To that end, Davis believes in the power of "multi-device gaming."

"If I have an iPhone and you're on Facebook, we can game together," he said. "I think E3 was very much an inflection point for me... Not just Xbox and DSi Facebook Connect technology... I think we are seeing a lot of talent transition from the traditional games industry to the social games industry.

"The second thing is that the console companies really get social now," he continued. "I think this really changes everything. I think we're at the beginning and it's going to take a few years. There's a lot to learn as both industries converge, and they're both complimentary."

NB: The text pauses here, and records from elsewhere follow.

Lemma mul_blk2_tr n (x : 'rV[C]_n) (p q : 'I_n) a b c d : q = p.+1 :> nat ->
  x *m (blk2 n p a b c d)^T = x + ((a - 1) * x 0 p + b * x 0 q) *: delta_mx 0 p
                                 + (c * x 0 p + (d - 1) * x 0 q) *: delta_mx 0 q.
Proof.
move=> qE; rewrite blk2_tr (blk2_delta _ _ _ _ qE) !mulmxDr mulmx1.
rewrite -!scalemxAr !mul_rV_delta !scalerA !scalerDl !addrA.
by rewrite (addrAC (x + _) ((c * _) *: _)).
Qed.

(* Indexed by [nat] so that neighbours [k.+1] need no ordinal bookkeeping;
   it is the zero row when [n <= k]. *)
Definition unit_row n (k : nat) : 'rV[C]_n := \row_l (l == k :> nat)%:R.

Lemma unit_row_delta n (p : 'I_n) : unit_row n p = delta_mx 0 p.
Proof. by apply/matrixP => i l; rewrite ord1 !mxE. Qed.

Lemma swap_diff n (w : 'rV[C]_n) (p q : 'I_n) : q = p.+1 :> nat ->
  w - w *m (omega_rho n p)^T = (w 0 p - w 0 q) *: (unit_row n p - unit_row n q).
Proof.
move=> qE; rewrite (mul_blk2_tr _ _ _ _ _ qE) !unit_row_delta sub0r !mulN1r !mul1r.
by rewrite -addrA opprD addNKr opprD -scaleNr opprD opprK scalerBr.
Qed.

Section PermutationModule.
Variable n : nat.
Local Notation ones := (const_mx 1 : 'rV[C]_n).
Local Notation zero_sum := (kermx ones^T).
Local Notation e := (unit_row n).

Section SwapStableSubspace.
Variables (m : nat) (U : 'M[C]_(m, n)).
Hypothesis swapU : forall i, (i.+1 < n)%N -> stablemx U (omega_rho n i)^T.

Lemma sub_swap_diff (w : 'rV_n) (p q : 'I_n) : q = p.+1 :> nat ->
  (w <= U)%MS -> w 0 p != w 0 q -> (e p - e q <= U)%MS.
Proof.
move=> qE wU wpq; have : (w - w *m (omega_rho n p)^T <= U)%MS.
  by rewrite addmx_sub // eqmx_opp (submx_trans (submxMr _ wU)) ?swapU -?qE.
rewrite (swap_diff _ qE) => /(scalemx_sub (w 0 p - w 0 q)^-1).
by rewrite scalerA mulVf ?scale1r // subr_eq0.
Qed.

Lemma adjacent_sub_step j : (j.+2 < n)%N ->
  (e j - e j.+1 <= U)%MS <-> (e j.+1 - e j.+2 <= U)%MS.
Proof.
move=> lt_j2n; have lt_j1n := ltnW lt_j2n; have lt_jn := ltnW lt_j1n.
split=> [sub_j | sub_j1].
- apply: (sub_swap_diff (p := Ordinal lt_j1n) (q := Ordinal lt_j2n) erefl sub_j).
  by rewrite !mxE /= eqxx ?gtn_eqF //= subr0 sub0r oppr_eq0 oner_eq0.
- apply: (sub_swap_diff (p := Ordinal lt_jn) (q := Ordinal lt_j1n) erefl sub_j1).
  by rewrite !mxE /= eqxx ?ltn_eqF //= !subr0 eq_sym oner_eq0.
Qed.

Lemma adjacent_sub_all i : (i.+1 < n)%N -> (e i - e i.+1 <= U)%MS ->
  forall j, (j.+1 < n)%N -> (e j - e j.+1 <= U)%MS.
Proof.
move=> lt_in sub_i j lt_jn.
apply: (iff_chain (m := n.-2) (P := fun j => (e j - e j.+1 <= U)%MS) _ _ sub_i);
  try lia.
by move=> k lt_k; apply: adjacent_sub_step; lia.
Qed.

Lemma adjacent_sub_to0 : (forall j, (j.+1 < n)%N -> (e j - e j.+1 <= U)%MS) ->
  forall k : 'I_n, (e k - e 0 <= U)%MS.
Proof.
move=> sub_adj k; have lt_kn := ltn_ord k.
apply: (iff_chain (m := n.-1) (i := 0) (P := fun k => (e k - e 0 <= U)%MS));
  rewrite ?subrr ?sub0mx //; try lia.
move=> j lt_j; have sub_j : (e j - e j.+1 <= U)%MS by apply: sub_adj; lia.
have -> : e j.+1 - e 0 = (e j - e 0) - (e j - e j.+1).
  by rewrite opprB [RHS]addrC addrA subrK.
split=> [sub_j0 | sub_j10]; first by rewrite addmx_sub // eqmx_opp.
by rewrite -[e j - e 0](subrK (e j - e j.+1)) addmx_sub.
Qed.

Lemma zero_sum_sub : (forall k : 'I_n, (e k - e 0 <= U)%MS) -> (zero_sum <= U)%MS.
Proof.
move=> sub_to0; apply/rV_subP => u /sub_kermxP u_sum0.
have sum_u0 : \sum_k u 0 k = 0.
  transitivity ((u *m ones^T) 0 0); last by rewrite u_sum0 mxE.
  by rewrite trmx_const mxE; apply: eq_bigr => k _; rewrite mxE mulr1.
have -> : u = \sum_k u 0 k *: (e k - e 0).
  rewrite {1}[u]row_sum_delta; under [RHS]eq_bigr do rewrite scalerBr.
  rewrite sumrB -scaler_suml sum_u0 scale0r subr0.
  by apply: eq_bigr => k _; rewrite unit_row_delta.
by rewrite summx_sub // => k _; rewrite scalemx_sub.
Qed.

Lemma swap_stable_cases : (U <= ones)%MS \/ (zero_sum <= U)%MS.
Proof.
have [|/row_subPn[r not_const]] := boolP (U <= ones)%MS; [by left | right].
have /existsP[p /existsP[q /andP[/eqP qE jump]]] : [exists p : 'I_n, exists q : 'I_n,
    (q == p.+1 :> nat) && (row r U 0 p != row r U 0 q)].
  apply: contraR not_const => /existsPn no_jump; apply: const_row_adjacent => p q qE.
  by move/existsPn/(_ q): (no_jump p); rewrite qE eqxx negbK => /eqP.
apply/zero_sum_sub/adjacent_sub_to0/(adjacent_sub_all (i := p)); rewrite -?qE //.
exact: sub_swap_diff qE (row_sub r U) jump.
Qed.

End SwapStableSubspace.

Lemma rank_ones : (0 < n)%N -> \rank ones = 1%N.
Proof.
move=> n_gt0; rewrite rank_rV; case: eqP => // /matrixP/(_ 0 (Ordinal n_gt0)).
by rewrite !mxE => /eqP; rewrite oner_eq0.
Qed.

Lemma rank_zero_sum : (0 < n)%N -> \rank zero_sum = n.-1.
Proof. by move=> n_gt0; rewrite mxrank_ker mxrank_tr rank_ones // subn1. Qed.

Lemma kermx_zero_sum_tr : (0 < n)%N -> (kermx zero_sum^T :=: ones)%MS.
Proof.
move=> n_gt0; have ones_sub : (ones <= kermx zero_sum^T)%MS.
  by rewrite sub_kermx; apply/eqP/trmx_inj; rewrite trmx_mul trmxK mulmx_ker trmx0.
apply/eqmx_sym/eqmxP; rewrite -(mxrank_leqif_eq ones_sub).
by rewrite mxrank_ker mxrank_tr rank_zero_sum // rank_ones //; lia.
Qed.

Lemma reducible_swap_gen (S : 'M[C]_n -> Prop) : (1 < n)%N ->
  (forall i, (i.+1 < n)%N -> S (omega_rho n i)) ->
  reducible (gen_by S) <->
  (forall A, S A -> stablemx ones A^T) \/ (forall A, S A -> stablemx ones A).
Proof.
move=> n_gt1 S_swap; have n_gt0 := ltnW n_gt1; split.
- case=> U [rU_gt0 [rU_ltn stableU]].
  have SU A : S A -> stablemx U A^T by move=> SA; apply/stableU/gen_base.
  have [U_ones|zero_sum_U] := swap_stable_cases (fun i lt_in => SU _ (S_swap i lt_in)).
    left=> A /SU; suff /eqmxP eqU : (U == ones)%MS by rewrite (eqmx_stable _ eqU).
    by have := mxrankS U_ones; rewrite -(mxrank_leqif_eq U_ones) rank_ones //; lia.
  right=> A /SU; suff /eqmxP eqU : (zero_sum == U)%MS.
    rewrite -(eqmx_stable _ eqU) => /stablemx_kermx_tr.
    by rewrite trmxK (eqmx_stable _ (kermx_zero_sum_tr n_gt0)).
  have := mxrankS zero_sum_U.
  by rewrite -(mxrank_leqif_eq zero_sum_U) rank_zero_sum //; lia.
- case=> [stable_ones | stable_ones_tr].
  + exists <<ones>>%MS; rewrite genmxE rank_ones //; split=> //; split=> //.
    apply: stablemx_gen_by => A /stable_ones.
    by rewrite (eqmx_stable _ (genmxE _)).
  + exists zero_sum; rewrite rank_zero_sum //; split; [lia | split; [lia |]].
    by apply: stablemx_gen_by => A /stable_ones_tr/stablemx_kermx_tr.
Qed.

Lemma stable_ones_blk2_tr i a b c d : (2 < n)%N -> (i.+1 < n)%N ->
  stablemx ones (blk2 n i a b c d)^T <-> a + b = 1 /\ c + d = 1.
Proof.
move=> n_gt2 lt_i1n; pose p : 'I_n := Ordinal (ltnW lt_i1n).
pose q : 'I_n := Ordinal lt_i1n.
have pq : (p == q) = false by apply/eqP => /(congr1 val) /=; lia.
have [k kp kq] : exists2 k : 'I_n, k != p & k != q.
  have [lt_i2n | le_n_i2] := ltnP i.+2 n.
    by exists (Ordinal lt_i2n); apply/eqP => /(congr1 val) /=; lia.
  by exists (Ordinal (ltnW (ltnW n_gt2))); apply/eqP => /(congr1 val) /=; lia.
rewrite (@mul_blk2_tr _ _ p q) // !mxE !mulr1 (addrAC a) addrA.
split=> [/const_rowP ones_const | [-> ->]]; last by rewrite !subrr !scale0r !addr0.
move: (ones_const p k) (ones_const q k).
rewrite !mxE !eqxx (negbTE kp) (negbTE kq) pq (eq_sym q p) pq /= !mulr1 !mulr0 !addr0.
by rewrite !(addrC 1) !subrK => -> ->.
Qed.

Lemma stable_ones_blk2 i a b c d : (2 < n)%N -> (i.+1 < n)%N ->
  stablemx ones (blk2 n i a b c d) <-> a + c = 1 /\ b + d = 1.
Proof. by rewrite -[blk2 n i a b c d]trmxK blk2_tr; apply: stable_ones_blk2_tr. Qed.

Lemma reducible_blk2_rep k (sigma : nat -> 'I_k -> 'M[C]_n) (a b c d : 'I_k -> C) :
  (2 < n)%N -> (forall i t, sigma i t = blk2 n i (a t) (b t) (c t) (d t)) ->
  reducible (rep_image (@omega_rho n) sigma) <->
  (forall t, a t + b t = 1 /\ c t + d t = 1) \/
  (forall t, a t + c t = 1 /\ b t + d t = 1).
Proof.
move=> n_gt2 sigmaE; rewrite /rep_image reducible_swap_gen; first last.
- by move=> i lt_in; exists i; split; [lia | left].
- by lia.
have generators_stable (P : 'M_n -> Prop) (Q : C -> C -> C -> C -> Prop) :
    (forall i a b c d, (i.+1 < n)%N -> P (blk2 n i a b c d) <-> Q a b c d) ->
    Q 0 1 1 0 ->
    (forall A, (exists i, (i < n.-1)%N /\
                 (A = omega_rho n i \/ exists t, A = sigma i t)) -> P A) <->
    (forall t, Q (a t) (b t) (c t) (d t)).
  move=> PQ Q_swap; split=> [PS t | Qs A [i [lt_i [->|[t ->]]]]].
  - apply/(PQ 0%N); first lia.
    by rewrite -sigmaE; apply: PS; exists 0%N; split; [lia | right; exists t].
  - by rewrite PQ //; lia.
  - by rewrite sigmaE PQ //; lia.
have := generators_stable (fun A => stablemx ones A^T) _
  (fun i a b c d => @stable_ones_blk2_tr i a b c d n_gt2).
have := generators_stable (fun A => stablemx ones A) _
  (fun i a b c d => @stable_ones_blk2 i a b c d n_gt2).
rewrite !add0r !addr0; tauto.
Qed.

End PermutationModule.

Theorem proposition6p3 (n c : nat) (r2 : C) (s1 s2 s3 s4 : 'I_c -> C) :
  (3 <= n)%N -> (1 <= c)%N -> r2 != 0 ->
  (forall t, s1 t != 0) -> (forall t, s2 t != 0) ->
  (forall t, s3 t != 0) -> (forall t, s4 t != 0) ->
  [/\ reducible (rep_image (@omega_rho n) (omega1_sigma n r2 s2 s3))
        <-> (forall t, s2 t = r2 /\ s3 t = r2^-1),
      reducible (rep_image (@omega_rho n) (omega2_sigma n r2 s2 s4))
        <-> (forall t, s2 t / r2 + s4 t = 1)
    & reducible (rep_image (@omega_rho n) (omega3_sigma n r2 s1 s2))
        <-> (forall t, s1 t + s2 t / r2 = 1)].
Proof.
move=> n_gt2 _ r2_neq0 s1_neq0 _ _ s4_neq0.
have sol1 t : s2 t / r2 = 1 /\ r2 * s3 t = 1 <-> s2 t = r2 /\ s3 t = r2^-1.
  by split=> [[/divr1_eq -> /mulr1_eq <-] | [-> ->]]; rewrite ?divff ?mulfV.
split.
- rewrite (reducible_blk2_rep (sigma := omega1_sigma n r2 s2 s3) n_gt2 (fun _ _ => erefl)).
  split=> [[] sol t | sol]; last by left=> t; rewrite add0r addr0; apply/sol1.
    by apply/sol1; case: (sol t); rewrite add0r addr0.
  by apply/sol1; case: (sol t); rewrite add0r addr0.
- rewrite (reducible_blk2_rep (sigma := omega2_sigma n r2 s2 s4) n_gt2 (fun _ _ => erefl)).
  split=> [[] sol t | sol]; last by right=> t; rewrite add0r.
    by case: (sol t) => _ /addr_self_eq0/eqP; rewrite (negbTE (s4_neq0 t)).
  by case: (sol t).
- rewrite (reducible_blk2_rep (sigma := omega3_sigma n r2 s1 s2) n_gt2 (fun _ _ => erefl)).
  split=> [[] sol t | sol]; last by left=> t; rewrite addr0.
    by case: (sol t).
  by case: (sol t); rewrite addrC => /addr_self_eq0/eqP; rewrite (negbTE (s1_neq0 t)).
Qed.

When quizzed about what titles show this advanced learning from console companies, Davis demurred. "It's still very early and I don't think any of these projects are announced, but I'm very impressed," he explained.

Davis said such projects from big game companies are "fundamentally social" and take advantage of the "multi-device" paradigm. He later described the future of games as "device-based and hooked into a social network," and it's clear that iPhone and Xbox 360 are both "devices" in this context.

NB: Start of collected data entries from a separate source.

(* If the orbit of L converges to X*, then all states near L are e-close to X*
   from some common time on: at time T_L the orbit of L is deep inside the
   Lyapunov ball, nearby orbits follow it by continuity, and then stay. *)
Lemma attracted_locally_eventually (L : profile R d) (e : R) :
  state_space d L -> converges_to (Phi ^~ L) Xs -> 0 < e ->
  exists T : R, exists2 g : R, 0 < g &
    forall Y, state_space d Y -> pdist Y L < g ->
      forall t, T <= t -> pdist (Phi t Y) Xs < e.
Proof.
move=> SL L_conv e0.
have [del del0 trapped] := lyapunov_ball e0.
have del2_gt0 : 0 < del / 2 by rewrite divr_gt0.
have [T0 L_close] := L_conv _ del2_gt0.
pose T := Num.max T0 0.
have T_ge0 : 0 <= T by rewrite le_max lexx orbT.
have [g g0 follows_L] := flow_continuous T_ge0 SL del2_gt0.
exists T, g => // Y SY YL t Tt.
have LT_close : pdist (Phi T L) Xs < del / 2 by apply: L_close; rewrite le_max lexx.
have YT_close : pdist (Phi T Y) Xs < del.
  have YT_follows : pdist (Phi T Y) (Phi T L) < del / 2.
    by apply: follows_L; rewrite ?subrr ?normr0.
  apply: le_lt_trans (pdist_triangle _ (Phi T L) _) _.
  by rewrite (splitr del) ltrD.
have tT_ge0 : 0 <= t - T by rewrite subr_ge0.
rewrite -(subrKC T t) flow_semigroup //.
exact: trapped (flow_invariant T_ge0 SY) YT_close _ tT_ge0.
Qed.

End StableFlow.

Sheppard, instead, turned the discussion to one of the most basic concepts: fun. He said, "We're now focusing on fun and defining the social graph around that. It's an important nuance but it's a very key thing to call out. Specifically, when you're focused on fun, real-world identities are less relevant. It's more focused on aspirational identities" -- a concept with which online gamers will all be familiar, but one which is in direct contrast to Facebook's fundamental paradigm.

However, Oberfest, despite MySpace's semi-anonymity, said, "There's no doubt that authenticity in relationships drives engagement in [social networking] games."

What We Might Learn From China

James Liu works for Oak Pacific Interactive, a very large Chinese internet company that owns the social network Xiaonei -- which, with over 40 million users, is often compared to Facebook.

"China is a very unique market in the world," he observed. In the view of OPI's chairman Joe Chen, as quoted by Liu, "Communities are becoming more gaming-like, and games are becoming more community-like."

To that end, said Liu, "One of the things we do differently from any of the companies in this panel. We're one of the very few companies in the world who has a social gaming platform and close to 400 people dedicated to MMO development in-house." This MMO is integrated directly into the social network via API.

Other concepts OPI works with are more familiar to U.S. social networking companies, though the situation is slightly different in that the company itself operates the games. OPI monitors user behavior and suggests new games in the users' newsfeed, and its user base is also integrated across multiple OPI platforms; none of the U.S. companies currently operate multiple networks.

One notable observation Liu made was about the reading material the OPI engineers have by their desks.

"These guys are [engineering] PhDs from top-notch schools, but they study economy right now," as well as psychology, he said: all the better to understand and motivate user behavior in social networks.